A review of the panel’s methodology notes hundreds of peer-reviewed studies were excluded from the decision-making process. Many of these excluded studies indicate significant mortality reduction in screening participants in the 40 to 49 age group. By the panel’s own admission, there is evidence for mortality reduction in this group but they impose an arbitrary benefit threshold and conclude there simply are not enough lives saved to justify continuing to screen this population.

The American Cancer Society is widely known for its carefully formulated recommendations. It used fundamentally the same data to arrive at a totally opposite conclusion, that there is clear life saving value in screening the 40 to 49 age group. It is also interesting to observe that evidence cited by the task force is basically the same it used in 2002 to issue their landmark recommendation to include the 40 to 49 group for screening mammography. This flip-flop does not give a sense of confidence in what is supposed to be the role model for guideline setting.

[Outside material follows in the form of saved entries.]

(* Let $X$ be a finite set with at least two elements. If a transition function $t$ has a persistent craving representation, then for every $x\in X$, $\nu_X\ne\nu_{X\setminus\{x\}}$.
   Context: $\mathcal{L}(X)$ is the set of linear orders on $X$, $M(\succ,A)$ the $\succ$-maximal element of $A$. Given a linear order $\rhd$, the craving preferences $\{\succ_x\}_{x\in X}$ are: $x\succ_x y$ for all $y\ne x$, and for $y,z\ne x$, $y\succ_x z$ iff $y\rhd z$. A distribution $\nu$ supported on $\{\succ_x\}$ is craving monotonic w.r.t. $\rhd$ if $x\rhd y$ implies $\nu(\succ_x)>\nu(\succ_y)>0$. A persistence function is $\phi:X^2\to[0,1)$ with $\phi(x,x)=0$, $\phi(x,y)>0$ for $x\ne y$. A transition function $t:X\times\mathcal{L}(X)\to\Delta(\mathcal{L}(X))$ has a persistent craving representation if for some $\rhd$, craving monotonic $\nu$ and persistence function $\phi$: $t(x,\succ_y)=\phi(x,y)\delta_{\succ_y}+(1-\phi(x,y))\nu$ for all $x,y$ and $t(x,\succ)=\nu$ for $\succ$ outside the support of $\nu$. For nonempty $A\subseteq X$, $\nu_A$ is the unique stationary distribution of the Markov chain on $\mathcal{L}(X)$ with $m_A(\succ,\succ')=t_{\succ'}(M(\succ,A),\succ)$. *)

From HB Require Import structures.
From mathcomp Require Import all_boot all_order all_algebra.
From mathcomp Require Import reals.
Set Implicit Arguments. Unset Strict Implicit. Unset Printing Implicit Defensive.
Import Order.TTheory GRing.Theory Num.Theory.
Local Open Scope ring_scope.

Section Defs.
Variable X : finType.

(* A (strict) linear order on X, encoded as a boolean relation r x y = "x ≻ y". *)
Definition is_lin_order (r : {ffun X -> {ffun X -> bool}}) : bool :=
  [&& [forall x, ~~ r x x],
      [forall x, forall y, forall z, r x y ==> r y z ==> r x z] &
      [forall x, forall y, (x != y) ==> (r x y || r y x)]].

Definition linord := {r : {ffun X -> {ffun X -> bool}} | is_lin_order r}.

Definition lo (r : linord) (x y : X) : bool := (val r) x y.

Definition maxel (r : linord) (A : {set X}) : option X :=
  [pick m in A | [forall y in A, (y != m) ==> lo r m y]].

Variable R : realType.

Definition is_distr (T : finType) (mu : {ffun T -> R}) : Prop :=
  (forall a, 0 <= mu a) /\ \sum_a mu a = 1.

Definition is_craving (lhd : linord) (x : X) (r : linord) : bool :=
  [forall y, (y != x) ==> lo r x y] &&
  [forall y, forall z, (y != x) ==> (z != x) ==> (lo r y z == lo lhd y z)].

Definition craving_monotonic (lhd : linord) (c : X -> linord)
    (nu : {ffun linord -> R}) : Prop :=
  is_distr nu /\
  (forall r, nu r != 0 -> exists x, r = c x) /\
  (forall x y, lo lhd x y -> nu (c x) > nu (c y) /\ nu (c y) > 0).

Definition persistence (phi : X -> X -> R) : Prop :=
  (forall x y, 0 <= phi x y /\ phi x y < 1) /\
  (forall x, phi x x = 0) /\
  (forall x y, x != y -> phi x y > 0).

Definition persistent_craving_rep
    (t : X -> linord -> {ffun linord -> R}) : Prop :=
  exists (lhd : linord) (c : X -> linord) (nu : {ffun linord -> R})
         (phi : X -> X -> R),
    (forall x, is_craving lhd x (c x)) /\
    craving_monotonic lhd c nu /\
    persistence phi /\
    (forall x y r', t x (c y) r' =
        phi x y * (r' == c y)%:R + (1 - phi x y) * nu r') /\
    (forall x r, nu r = 0 -> t x r = nu).

Definition mA (t : X -> linord -> {ffun linord -> R}) (A : {set X})
    (r r' : linord) : R :=
  if maxel r A is Some m then t m r r' else 0.

Definition stationary (t : X -> linord -> {ffun linord -> R}) (A : {set X})
    (mu : {ffun linord -> R}) : Prop :=
  is_distr mu /\ forall r', mu r' = \sum_r mu r * mA t A r r'.

End Defs.

(* At a craving preference [c y], with [y] in the menu [A], the chosen item is
   [y] itself and [phi y y = 0], so the chain restarts from [nu]; off the support
   of [nu] it restarts from [nu] as well.  Hence the stationary distribution on
   the full menu is [nu].  On [X :\ x], the row of [c x] chooses some [m != x]
   and keeps [c x] with extra probability [phi m x * (1 - nu (c x)) > 0], while
   every other row restarts from [nu]; so the mass that [nu] puts on [c x] is
   not preserved and [nu] is not stationary there. *)
From HB Require Import structures.
From mathcomp Require Import all_boot all_order all_algebra.
From mathcomp Require Import reals.
From mathcomp Require Import lra.
Import Order.TTheory GRing.Theory Num.Theory.
Local Open Scope ring_scope.
Set Implicit Arguments. Unset Strict Implicit.

Section LinearOrders.
Variable X : finType.

Lemma lo_asym (r : linord X) a b : lo r a b -> lo r b a -> False.
Proof.
move: (valP r) => /and3P [/forallP irr /forallP trans _]; rewrite /lo => hab hba.
have := implyP (implyP (forallP (forallP (trans a) b) a) hab) hba.
by rewrite (negbTE (irr a)).
Qed.

Lemma lo_total (r : linord X) a b : a != b -> lo r a b || lo r b a.
Proof.
move: (valP r) => /and3P [_ _ /forallP total].
exact: implyP (forallP (total a) b).
Qed.

Lemma maxel_in (r : linord X) (A : {set X}) m : maxel r A = Some m -> m \in A.
Proof. by rewrite /maxel; case: pickP => // m' /andP [m'A _] [<-]. Qed.

Variable lhd : linord X.

Lemma craving_top x (r : linord X) y : is_craving lhd x r -> y != x -> lo r x y.
Proof. by move=> /andP [/forallP top _] /(implyP (top y)). Qed.

Lemma craving_inj x y (r r' : linord X) :
  is_craving lhd x r -> is_craving lhd y r' -> r = r' -> x = y.
Proof.
move=> hx hy def_r; rewrite -def_r in hy; apply/eqP/negP => /negP nxy.
by apply: (lo_asym (craving_top hx _) (craving_top hy nxy)); rewrite eq_sym.
Qed.

Lemma maxel_craving x (r : linord X) (A : {set X}) :
  is_craving lhd x r -> x \in A -> maxel r A = Some x.
Proof.
move=> hx xA; rewrite /maxel; case: pickP => [m /andP [_ /forall_inP m_max] | no_max].
- congr Some; apply/eqP/negP => /negP mx.
  apply: (lo_asym (implyP (m_max x xA) _) (craving_top hx mx)).
  by rewrite eq_sym.
- move: (no_max x); rewrite xA /= => /negP; case.
  by apply/forall_inP => y _; apply/implyP => /(craving_top hx).
Qed.

End LinearOrders.

Section PersistentCraving.
Variables (R : realType) (X : finType) (t : X -> linord X -> {ffun linord X -> R}).
Variables (lhd : linord X) (c : X -> linord X) (nu : {ffun linord X -> R}).
Variable phi : X -> X -> R.
Hypothesis c_craving : forall x, is_craving lhd x (c x).
Hypothesis nu_monotonic : craving_monotonic lhd c nu.
Hypothesis phi_persistence : persistence phi.
Hypothesis t_craving : forall x y r',
  t x (c y) r' = phi x y * (r' == c y)%:R + (1 - phi x y) * nu r'.
Hypothesis t_off_support : forall x r, nu r = 0 -> t x r = nu.

Let nu_distr : is_distr nu := nu_monotonic.1.
Let nu_support r : nu r != 0 -> exists x, r = c x := nu_monotonic.2.1 r.

Lemma t_craving_self x : t x (c x) = nu.
Proof.
apply/ffunP => r'.
by rewrite t_craving phi_persistence.2.1 mul0r subr0 mul1r add0r.
Qed.

Lemma mA_restart (A : {set X}) r r' :
  (forall y, r = c y -> y \in A) -> mA t A r r' = (maxel r A != None)%:R * nu r'.
Proof.
move=> cA; rewrite /mA; case def_m: maxel => [m|]; last by rewrite mul0r.
rewrite mul1r; have [nu_r0|/nu_support [y def_r]] := eqVneq (nu r) 0.
  by rewrite t_off_support.
move: def_m; rewrite def_r (maxel_craving (c_craving y) (cA y def_r)) => -[<-].
by rewrite t_craving_self.
Qed.

Lemma stationary_setT mu : stationary t [set: X] mu -> mu = nu.
Proof.
move=> [[_ mu1] mu_stat].
pose s := \sum_r mu r * (maxel r [set: X] != None)%:R.
have mu_s r' : mu r' = s * nu r'.
  rewrite mu_stat big_distrl; apply: eq_bigr => r _.
  by rewrite (@mA_restart [set: X]) ?mulrA // => y _; rewrite in_setT.
have s1 : s = 1.
  rewrite -mu1 -[s]mulr1 -nu_distr.2 big_distrr.
  by apply: eq_bigr => r _; rewrite mu_s.
by apply/ffunP => r'; rewrite mu_s s1 mul1r.
Qed.

Lemma nu_craving_gt0 x y : x != y -> 0 < nu (c x).
Proof.
move=> xy; case/orP: (lo_total lhd xy) => /(nu_monotonic.2.2) [lt_yx gt0] //.
exact: lt_trans gt0 lt_yx.
Qed.

Lemma nu_craving_lt1 x y : x != y -> nu (c x) < 1.
Proof.
move=> xy; have cxy : c y != c x.
  by apply: contraNneq xy => /(craving_inj (c_craving y) (c_craving x)) ->.
rewrite -nu_distr.2 (bigD1 (c x)) //= (bigD1 (c y)) //= ltrDl.
apply: (@lt_le_trans _ _ (nu (c y))); first by rewrite (@nu_craving_gt0 y x) // eq_sym.
by rewrite lerDl sumr_ge0 // => r _; apply: nu_distr.1.
Qed.

Lemma mA_craving_self_neq (A : {set X}) x :
  x \notin A -> 0 < nu (c x) < 1 -> mA t A (c x) (c x) != nu (c x).
Proof.
move=> xA /andP [nu_gt0 nu_lt1]; rewrite /mA.
case def_m: maxel => [m|]; last by rewrite eq_sym lt0r_neq0.
rewrite t_craving eqxx mulr1.
have mx : m != x by apply: contraNneq xA => <-; apply: maxel_in def_m.
have [[phi_ge0 phi_lt1] phi_gt0] := (phi_persistence.1 m x, phi_persistence.2.2 m x mx).
have gap : 0 < phi m x * (1 - nu (c x)) by rewrite mulr_gt0 // subr_gt0.
by rewrite gt_eqF //; nra.
Qed.

Lemma nu_not_stationary_setD1 x y : x != y -> ~ stationary t ([set: X] :\ x) nu.
Proof.
move=> xy [_ nu_stat].
have nu_gt0 := nu_craving_gt0 xy; have nu_lt1 := nu_craving_lt1 xy.
have others : \sum_(r | r != c x) nu r * mA t ([set: X] :\ x) r (c x)
    = (1 - nu (c x)) * nu (c x).
  have -> : 1 - nu (c x) = \sum_(r | r != c x) nu r.
    by rewrite -nu_distr.2 (bigD1 (c x)) //= addrC addrK.
  rewrite big_distrl /=; apply: eq_bigr => r r_cx.
  have [->|/nu_support [z def_r]] := eqVneq (nu r) 0; first by rewrite !mul0r.
  have cA w : r = c w -> w \in [set: X] :\ x.
    by move=> def_rw; rewrite !inE andbT; apply: contraNneq r_cx => wx; rewrite def_rw wx.
  by rewrite mA_restart // def_r (maxel_craving (c_craving z) (cA z def_r)) mul1r.
have := @mA_craving_self_neq ([set: X] :\ x) x.
rewrite !inE eqxx nu_gt0 nu_lt1 /= => /(_ isT isT) /eqP self_neq.
have := nu_stat (c x); rewrite (bigD1 (c x)) //= others => stat_cx.
apply: self_neq.
apply: (mulfI (lt0r_neq0 nu_gt0)); lra.
Qed.

End PersistentCraving.

Lemma exists_neq (X : finType) (x : X) : (1 < #|X|)%N -> exists y, x != y.
Proof.
move=> hX; have [y yx|all_x] := pickP (predC1 x); first by exists y; rewrite eq_sym.
suff : (#|X| <= 1)%N by rewrite leqNgt hX.
rewrite -(cards1 x) -cardsT subset_leq_card //.
by apply/subsetP => z _; rewrite inE; move: (all_x z) => /= /negbFE.
Qed.

Theorem proposition3 (R : realType) (X : finType) (hX : (1 < #|X|)%N)
  (t : X -> linord X -> {ffun linord X -> R})
  (ht : forall x r, is_distr (t x r))
  (hrep : persistent_craving_rep t) :
  forall (x : X) (nuX nuXx : {ffun linord X -> R}),
    stationary t [set: X] nuX ->
    stationary t ([set: X] :\ x) nuXx ->
    nuX <> nuXx.
Proof.
move: hrep => [lhd [c [nu [phi [c_craving [nu_mon [phi_pers [t_cr t_off]]]]]]]].
move=> x nuX nuXx statX statXx def_nuXx; subst nuXx.
have [y xy] := exists_neq x hX.
rewrite (stationary_setT c_craving nu_mon phi_pers t_cr t_off statX) in statXx.
exact (nu_not_stationary_setD1 c_craving nu_mon phi_pers t_cr t_off xy statXx).
Qed.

The panel is careful to indicate these new recommendations are for women of average lifetime risk of developing breast cancer. This reasoning is counter-intuitive because it is well-known that only 25 percent of breast cancer is diagnosed in women with a positive family history.

I strongly encourage women to continue to participate in the proven, life-saving practice of annual screening mammography beginning at age 40.

John Benson, M.D. is the medical director of the Breast Center at Mount Desert Island Hospital in Bar Harbor and is a Fellow of the American College of Radiology.